Dans les conditions de la guerre contemporaine, si les
Américains sentent que pour chaque attentat-suicide subi des dizaines de Baasistes
y laissent leur peau, qu'une offensive terrible est menée contre les assassins
de Tikrit ou que ceux qui s'infiltrent à la frontière irako-syrienne sont
bombardés, alors ils en concluent qu'il y a un début et une fin à ce conflit.
En conséquence, ils considèrent que le combat est limité dans le temps et qu'il
vaut le sacrifice - un jugement inconcevable lorsque les soldats sont les
cibles statiques d'un ennemi insidieux qui semble n'avoir aucune base, aucun
ordre de bataille et aucune distinction avec la population civile.
Les Américains ont pu accepter les pertes lorsque leurs
soldats avançaient sur Bagdad, mais ils le font moins aisément lorsque ceux-ci
vivent à Bagdad. Il est donc essentiel pour les militaires de trouver le moyen,
dans le climat chaotique que connaît l'Irak, de donner aux Américains
l'assurance qu'ils sont sur l'offensive, toujours en mouvement, et toujours en
mesure de combattre leurs ennemis.
L'impossibilité de prévoir
Le bon sens veut que dans une guerre asymétrique, post-moderne,
de quatrième génération, la puissance conventionnelle écrasante ne signifie pas
grand chose - pas lorsqu'un lance-roquettes bon marché et quelques adolescents
illettrés peuvent abattre un hélicoptère valant 6 millions de dollars piloté
par des capitaines licenciés universitaires. Il est à craindre qu'un
non-Occidental parasite puisse importer nos armes sans payer notre coûteux
talent militaire - et néanmoins obtenir une sorte de parité, en raison de notre
soin porté aux vies humains, de notre goût pour la paix ou de notre refus du
terrorisme ou d'autres tactiques sordides.
Après tout, nous sommes riches et nous tenons à la vie ; nos
ennemis sont pauvres et n'ont pas grand chose à perdre.

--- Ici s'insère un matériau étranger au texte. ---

(* Let $B=(\tilde U\dot\cup U,E)$ and $B'=(\tilde U\dot\cup U,E')$ be bipartite graphs with $|U|\ge|\tilde U|$ and $\mathrm{nd}_{\tilde U}(B,B')\le s$. If there are positive integers $x,n_1,n_2,n_3$ such that (i) $\deg_{B'}(\tilde u)\ge n_1$ for all $\tilde u\in\tilde U$, (ii) $|N_{B'}(\tilde S)|\ge x|\tilde S|$ for all $\tilde S\subseteq\tilde U$ with $|\tilde S|\le n_2$, (iii) $e_{B'}(\tilde S,S)\le\frac{n_1}{n_3}|\tilde S||S|$ for all $\tilde S\subseteq\tilde U$, $S\subseteq U$ with $xn_2\le|S|<|\tilde S|<n_3$, (iv) $|N_B(S)\cap\tilde S|>s$ for all $\tilde S\subseteq\tilde U$, $S\subseteq U$ with $|\tilde S|\ge n_3$ and $|S|>|U|-|\tilde S|$, then $B'$ has a matching covering $\tilde U$.
   Context: For bipartite graphs $B,B'$ on the same vertex set $\tilde U\dot\cup U$, $\mathrm{nd}_{\tilde U}(B,B')$ is the number of vertices $\tilde u\in\tilde U$ with $N_B(\tilde u)\ne N_{B'}(\tilde u)$. $N_B(S)$ denotes the set of vertices with a neighbour in $S$, and $e_{B'}(\tilde S,S)$ the number of edges of $B'$ between $\tilde S$ and $S$. *)

From mathcomp Require Import all_boot.
Set Implicit Arguments. Unset Strict Implicit. Unset Printing Implicit Defensive.

Definition bigraph (tU U : finType) := tU -> U -> bool.

Section BiGraph.
Variables (tU U : finType).
Implicit Types (B : bigraph tU U) (tS : {set tU}) (S : {set U}).

Definition nbh B (tu : tU) : {set U} := [set u | B tu u].
Definition degt B (tu : tU) : nat := #|nbh B tu|.
Definition nbhT B tS : {set U} := [set u | [exists tu in tS, B tu u]].
Definition nbhU B S : {set tU} := [set tu | [exists u in S, B tu u]].
Definition ecount B tS S : nat := #|[set p : tU * U | (p.1 \in tS) && (p.2 \in S) && B p.1 p.2]|.
Definition nd B B' : nat := #|[set tu : tU | nbh B tu != nbh B' tu]|.
Definition has_matching_covering B : Prop :=
  exists f : tU -> U, injective f /\ forall tu, B tu (f tu).
End BiGraph.

(* Hall's theorem is proved by the Halmos-Vaughan induction: either some
   proper nonempty T has at most |T| neighbours, and T and the rest (avoiding
   N(T)) are matched separately, or every such T has a surplus neighbour, and
   an arbitrary edge can be put into the matching first.

   For the Hall condition in B', suppose |N_{B'}(T)| < |T|.  If |T| <= n2,
   (ii) gives |N(T)| >= x|T| >= |T|.  If n2 < |T| < n3, then |N(T)| >= x n2 by
   (ii) applied to an n2-subset of T, so (iii) applies to S = N(T), and with
   (i) it yields n1|T| n3 <= e(T, N(T)) n3 <= n1|T||N(T)|, i.e. |N(T)| >= n3.
   If |T| >= n3, apply (iv) to S = U \ N_{B'}(T): a vertex of T with a
   B-neighbour in S has none in B', so B and B' differ at more than s
   vertices. *)
From mathcomp Require Import all_boot zify.

Set Implicit Arguments.
Unset Strict Implicit.
Unset Printing Implicit Defensive.

Lemma exists_subset_card (T : finType) (A : {set T}) k :
  k <= #|A| -> exists2 A' : {set T}, A' \subset A & #|A'| = k.
Proof.
case/card_geqP=> s [uniq_s size_s sub_sA].
exists [set t in s]; first by apply/subsetP=> t; rewrite inE => /sub_sA.
by rewrite cardsE -size_s; apply/card_uniqP.
Qed.

Section Neighbourhoods.
Variables (tU U : finType).
Implicit Types (B : bigraph tU U) (T : {set tU}) (Y : {set U}).

Lemma nbhTP B T u :
  reflect (exists2 t, t \in T & B t u) (u \in nbhT B T).
Proof.
rewrite inE; apply: (iffP existsP) => [[t /andP[]]|[t tT Btu]]; first by exists t.
by exists t; rewrite tT.
Qed.

Lemma nbh_sub_nbhT B T t : t \in T -> nbh B t \subset nbhT B T.
Proof. by move=> tT; apply/subsetP=> u; rewrite inE => Btu; apply/nbhTP; exists t. Qed.

Lemma nbhTS B T1 T2 : T1 \subset T2 -> nbhT B T1 \subset nbhT B T2.
Proof.
by move=> /subsetP sT12; apply/subsetP=> u /nbhTP[t /sT12 tT2 Btu]; apply/nbhTP; exists t.
Qed.

Lemma nbhTU B T1 T2 : nbhT B (T1 :|: T2) = nbhT B T1 :|: nbhT B T2.
Proof.
apply/setP=> u; rewrite in_setU; apply/nbhTP/orP.
  by case=> t; rewrite inE => /orP[] tT Btu; [left|right]; apply/nbhTP; exists t.
by case=> /nbhTP[t tT Btu]; exists t; rewrite // inE tT ?orbT.
Qed.

Lemma nbhT1 B t : nbhT B [set t] = nbh B t.
Proof.
apply/setP=> u; rewrite [RHS]inE.
by apply/nbhTP/idP=> [[t' /set1P-> //]|Btu]; exists t; rewrite ?set11.
Qed.

Lemma ecount_nbhT B T : ecount B T (nbhT B T) = \sum_(t in T) degt B t.
Proof.
rewrite /ecount -sum1dep_card big_mkcond /=.
rewrite -(pair_bigA _ (fun t u => if (t \in T) && (u \in nbhT B T) && B t u then 1 else 0)) /=.
rewrite [RHS]big_mkcond; apply: eq_bigr=> t _; case: ifP => tT /=; last by rewrite big1.
rewrite /degt -sum1_card [RHS]big_mkcond; apply: eq_bigr=> u _.
have Nu : B t u -> u \in nbhT B T by move=> Btu; apply/nbhTP; exists t.
by rewrite [u \in nbh B t]inE andbC; case: (boolP (B t u)) => //= /Nu ->.
Qed.

Definition restrU B Y : bigraph tU U := fun t u => B t u && (u \in Y).

Lemma nbhT_restrU B Y T : nbhT (restrU B Y) T = nbhT B T :&: Y.
Proof.
apply/setP=> u; rewrite in_setI; apply/nbhTP/andP.
  by case=> t tT /andP[Btu uY]; split=> //; apply/nbhTP; exists t.
by case=> /nbhTP[t tT Btu] uY; exists t; rewrite // /restrU Btu.
Qed.

Lemma card_nbhU_setC_nbhT B B' T :
  #|nbhU B (~: nbhT B' T) :&: T| <= nd B B'.
Proof.
apply: subset_leq_card; apply/subsetP=> t; rewrite !inE.
case/andP=> /existsP[u /andP[uN' Btu]] tT; apply/eqP=> nbh_eq.
have : u \in nbh B t by rewrite inE.
rewrite nbh_eq inE => B'tu.
by move: uN'; rewrite in_setC => /nbhTP[]; exists t.
Qed.

End Neighbourhoods.

Section Hall.
Variables (tU U : finType).
Implicit Types (B : bigraph tU U) (X T : {set tU}) (Y : {set U}).

Definition matching_on B X (f : tU -> U) :=
  {in X &, injective f} /\ {in X, forall t, B t (f t)}.

Definition hall_cond B X := forall T, T \subset X -> #|T| <= #|nbhT B T|.

Lemma hall_condS B X1 X2 : X1 \subset X2 -> hall_cond B X2 -> hall_cond B X1.
Proof. by move=> sX12 hX2 T sTX1; apply: hX2; apply: subset_trans sX12. Qed.

Lemma matching_split B X X1 Y f1 f2 :
    X1 \subset X -> matching_on B X1 f1 -> {in X1, forall t, f1 t \in Y} ->
    matching_on (restrU B (~: Y)) (X :\: X1) f2 ->
  matching_on B X (fun t => if t \in X1 then f1 t else f2 t).
Proof.
move=> sX1X [inj_f1 B_f1] f1Y [inj_f2 B_f2].
have inXD t : t \in X -> t \notin X1 -> t \in X :\: X1.
  by move=> tX tX1; rewrite inE tX1.
have f2Y t : t \in X -> t \notin X1 -> f2 t \notin Y.
  by move=> tX tX1; have /andP[_] := B_f2 t (inXD t tX tX1); rewrite inE.
split=> [t t' tX t'X /=|t tX /=]; last first.
  by case: ifP => [/B_f1 //|/negbT tX1]; case/andP: (B_f2 t (inXD t tX tX1)).
case: ifP => tX1; case: ifP => t'X1.
- exact: inj_f1.
- by move=> e; move: (f2Y t' t'X (negbT t'X1)); rewrite -e f1Y.
- by move=> e; move: (f2Y t tX (negbT tX1)); rewrite e f1Y.
- by apply: inj_f2; rewrite inE ?tX1 ?t'X1.
Qed.

Variable u0 : U.

Section InductionStep.
Variables (B : bigraph tU U) (X : {set tU}).
Hypothesis hall_IH :
  forall B' X', #|X'| < #|X| -> hall_cond B' X' -> exists f, matching_on B' X' f.
Hypothesis hallX : hall_cond B X.

Lemma matching_critical T :
  T \subset X -> 0 < #|T| < #|X| -> #|nbhT B T| <= #|T| ->
  exists f, matching_on B X f.
Proof.
move=> sTX /andP[T_gt0 T_ltX] NT_leT.
have [f1 mf1] := hall_IH T_ltX (hall_condS sTX hallX).
have [f2 mf2] : exists f, matching_on (restrU B (~: nbhT B T)) (X :\: T) f.
  apply: hall_IH; first by rewrite cardsDS //; lia.
  move=> T'; rewrite nbhT_restrU -setDE subsetD => /andP[sT'X disTT'].
  have := @hallX (T :|: T'); rewrite subUset sTX sT'X nbhTU => /(_ isT).
  (* |T| + |T'| <= |N(T) :|: N(T')| = |N(T)| + |N(T') :\: N(T)|, and |N(T)| <= |T| *)
  have TT'0 : T :&: T' = set0 by apply: disjoint_setI0; rewrite disjoint_sym.
  have := cardsUI T T'; rewrite TT'0 cards0.
  have := cardsUI (nbhT B T) (nbhT B T'); rewrite setIC.
  by have := cardsID (nbhT B T) (nbhT B T'); lia.
exists (fun t => if t \in T then f1 t else f2 t).
apply: (matching_split sTX mf1 _ mf2) => t tT.
by apply: subsetP (nbh_sub_nbhT B tT) _ _; rewrite inE; case: (mf1) => _ ->.
Qed.

Lemma matching_surplus t :
  t \in X -> (forall T, T \subset X -> 0 < #|T| < #|X| -> #|T| < #|nbhT B T|) ->
  exists f, matching_on B X f.
Proof.
move=> tX surplus.
have [u Btu] : exists u, B t u.
  have := @hallX [set t]; rewrite sub1set tX cards1 nbhT1 card_gt0 => /(_ isT).
  by case/set0Pn=> u; rewrite inE; exists u.
have [f2 mf2] : exists f, matching_on (restrU B (~: [set u])) (X :\ t) f.
  apply: hall_IH; first by rewrite (cardsD1 t X) tX.
  move=> T sT; rewrite nbhT_restrU -setDE.
  have [->|T_neq0] := eqVneq T set0; first by rewrite cards0.
  have sTX : T \subset X by apply: subset_trans sT (subsetDl _ _).
  have T_ltX : #|T| < #|X|.
    by apply: leq_ltn_trans (subset_leq_card sT) _; rewrite (cardsD1 t X) tX.
  have := surplus T sTX; rewrite card_gt0 T_neq0 T_ltX => /(_ isT).
  by have := cardsD1 u (nbhT B T); case: (u \in nbhT B T) => /=; lia.
exists (fun t' => if t' \in [set t] then u else f2 t').
apply: (@matching_split B X [set t] [set u] (fun=> u) f2 _ _ _ mf2).
- by rewrite sub1set.
- by split=> [t1 t2 /set1P-> /set1P-> //|t' /set1P->].
- by move=> t' _; rewrite set11.
Qed.

End InductionStep.

Lemma hall_on B X : hall_cond B X -> exists f, matching_on B X f.
Proof.
elim: {X}_.+1 {-2}X (ltnSn #|X|) B => // n IH X X_le B hallX.
have [->|[t tX]] := set_0Vmem X; first by exists (fun=> u0); split=> t; rewrite inE.
have IH' B' X' : #|X'| < #|X| -> hall_cond B' X' -> exists f, matching_on B' X' f.
  by move=> X'_lt; apply: IH; lia.
case: (boolP [exists T : {set tU}, [&& T \subset X, 0 < #|T| < #|X| & #|nbhT B T| <= #|T|]]).
  by case/existsP=> T /and3P[]; apply: matching_critical.
move/existsPn=> surplus; apply: (matching_surplus IH' hallX tX) => T sTX T_size.
by have := surplus T; rewrite sTX T_size ltnNge.
Qed.

End Hall.

Theorem hall_marriage (tU U : finType) (B : bigraph tU U) :
  (forall T : {set tU}, #|T| <= #|nbhT B T|) -> has_matching_covering B.
Proof.
move=> hall; have [t0 _|tU0] := pickP (@predT tU); last first.
  have f : tU -> U by move=> t; have := tU0 t.
  by exists f; split=> t; have := tU0 t.
have [u0 _] : exists u, B t0 u.
  by have := hall [set t0]; rewrite cards1 nbhT1 card_gt0 => /set0Pn[u]; rewrite inE; exists u.
have [f [inj_f B_f]] := hall_on u0 (X := setT) (fun T _ => hall T).
by exists f; split=> [t t'|t]; [apply: inj_f|apply: B_f]; rewrite inE.
Qed.

Section ExpansionHallCondition.
Variables (tU U : finType) (B B' : bigraph tU U) (s x n1 n2 n3 : nat).
Hypotheses (tU_le_U : #|tU| <= #|U|) (nd_le_s : nd B B' <= s).
Hypotheses (x_gt0 : 0 < x) (n1_gt0 : 0 < n1).
Hypothesis degt_ge : forall tu : tU, n1 <= degt B' tu.
Hypothesis expanding :
  forall tS : {set tU}, #|tS| <= n2 -> x * #|tS| <= #|nbhT B' tS|.
Hypothesis sparse :
  forall (tS : {set tU}) (S : {set U}), x * n2 <= #|S| -> #|S| < #|tS| -> #|tS| < n3 ->
    ecount B' tS S * n3 <= n1 * #|tS| * #|S|.
Hypothesis dense :
  forall (tS : {set tU}) (S : {set U}), n3 <= #|tS| -> #|U| - #|tS| < #|S| ->
    s < #|nbhU B S :&: tS|.
Implicit Type T : {set tU}.

Lemma hall_small T : #|T| <= n2 -> #|T| <= #|nbhT B' T|.
Proof.
by move=> /expanding; apply: leq_trans; rewrite leq_pmull.
Qed.

Lemma hall_medium T : n2 < #|T| < n3 -> #|T| <= #|nbhT B' T|.
Proof.
case/andP=> n2_lt T_lt; rewrite leqNgt; apply/negP=> N_lt.
have [T' sT'T cardT'] := exists_subset_card (ltnW n2_lt).
have N_ge : x * n2 <= #|nbhT B' T|.
  rewrite -cardT'; apply: leq_trans (expanding _) (subset_leq_card (nbhTS _ sT'T)).
  by rewrite cardT'.
have e_ge : n1 * #|T| <= ecount B' T (nbhT B' T).
  by rewrite ecount_nbhT mulnC -sum_nat_const; apply: leq_sum=> t _; apply: degt_ge.
have : n1 * #|T| * n3 <= n1 * #|T| * #|nbhT B' T|.
  by apply: leq_trans (sparse N_ge N_lt T_lt); rewrite leq_mul2r e_ge orbT.
rewrite leq_pmul2l ?muln_gt0 ?n1_gt0 //=; last by apply: leq_ltn_trans n2_lt.
by lia.
Qed.

Lemma hall_large T : n3 <= #|T| -> #|T| <= #|nbhT B' T|.
Proof.
move=> n3_le; rewrite leqNgt; apply/negP=> N_lt.
have T_le_U : #|T| <= #|U| := leq_trans (max_card T) tU_le_U.
have : #|U| - #|T| < #|~: nbhT B' T| by have := cardsC (nbhT B' T); lia.
move=> /(dense n3_le); rewrite ltnNge => /negP; apply.
exact: leq_trans (card_nbhU_setC_nbhT B B' T) nd_le_s.
Qed.

Lemma expansion_hall_cond T : #|T| <= #|nbhT B' T|.
Proof.
have [T_le|n2_lt] := leqP #|T| n2; first exact: hall_small.
have [T_lt|n3_le] := ltnP #|T| n3; last exact: hall_large.
by apply: hall_medium; rewrite n2_lt T_lt.
Qed.

End ExpansionHallCondition.

Theorem lemma11p8 (tU U : finType) (B B' : bigraph tU U) (s x n1 n2 n3 : nat) :
  #|tU| <= #|U| ->
  nd B B' <= s ->
  0 < x -> 0 < n1 -> 0 < n2 -> 0 < n3 ->
  (forall tu : tU, n1 <= degt B' tu) ->
  (forall tS : {set tU}, #|tS| <= n2 -> x * #|tS| <= #|nbhT B' tS|) ->
  (forall (tS : {set tU}) (S : {set U}), x * n2 <= #|S| -> #|S| < #|tS| -> #|tS| < n3 ->
     ecount B' tS S * n3 <= n1 * #|tS| * #|S|) ->
  (forall (tS : {set tU}) (S : {set U}), n3 <= #|tS| -> #|U| - #|tS| < #|S| ->
     s < #|nbhU B S :&: tS|) ->
  has_matching_covering B'.
Proof.
move=> tU_le_U nd_le_s x_gt0 n1_gt0 _ _ degt_ge expanding sparse dense.
apply: hall_marriage => T.
exact: expansion_hall_cond tU_le_U nd_le_s x_gt0 n1_gt0 degt_ge expanding sparse dense T.
Qed.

C'est pourquoi Israël
envisage d'échanger 300 terroristes emprisonnés contre la vie d'un seul homme
d'affaires israélien. Le monde accepte qu'aucun des premiers ne soit
abjectement assassiné en prison, alors que le second peut l'être et le sera
probablement. Les prisonniers américains sont violés et abattus en toute impunité ;
les prisonniers baasistes irakiens ne peuvent même pas être effrayés. Nous ne
pouvons ni ne devons changer nos valeurs ; nous ne pouvons pas non plus
changer le fait que nous utilisons la technologie et l'éducation pour protéger
nos soldats pendant que nos ennemis utilisent le fondamentalisme et l'ignorance
pour galvauder les leurs.
Mais les lignes de faille culturelles ne signifient pas que
nous ne puissions parfois nous libérer quelque peu. Si les citoyens de Tikrit
choisissent de tuer des Américains ou d'approuver ces assassinats, peut-être
que le courant électrique de leur fière cité sera mystérieusement détourné vers
le Kurdistan et au sud. Si la Syrie envoie des assassins pour tuer des
Américains, peut-être que nos pilotes ne sauront plus très bien où commence et
s'arrête sa frontière avec l'Irak. Si la France accuse publiquement les
Etats-Unis, peut-être que des roquettes françaises récemment achetées et
retrouvées dans des dépôts baasistes seront utilisées comme toile de fond lors
de conférences de presse. Si des munitions sont saisies dans les maisons
d'assassins, peut-être que ces maisons seront évacuées et, après un
avertissement en bonne et due forme, réduites en tas de gravats.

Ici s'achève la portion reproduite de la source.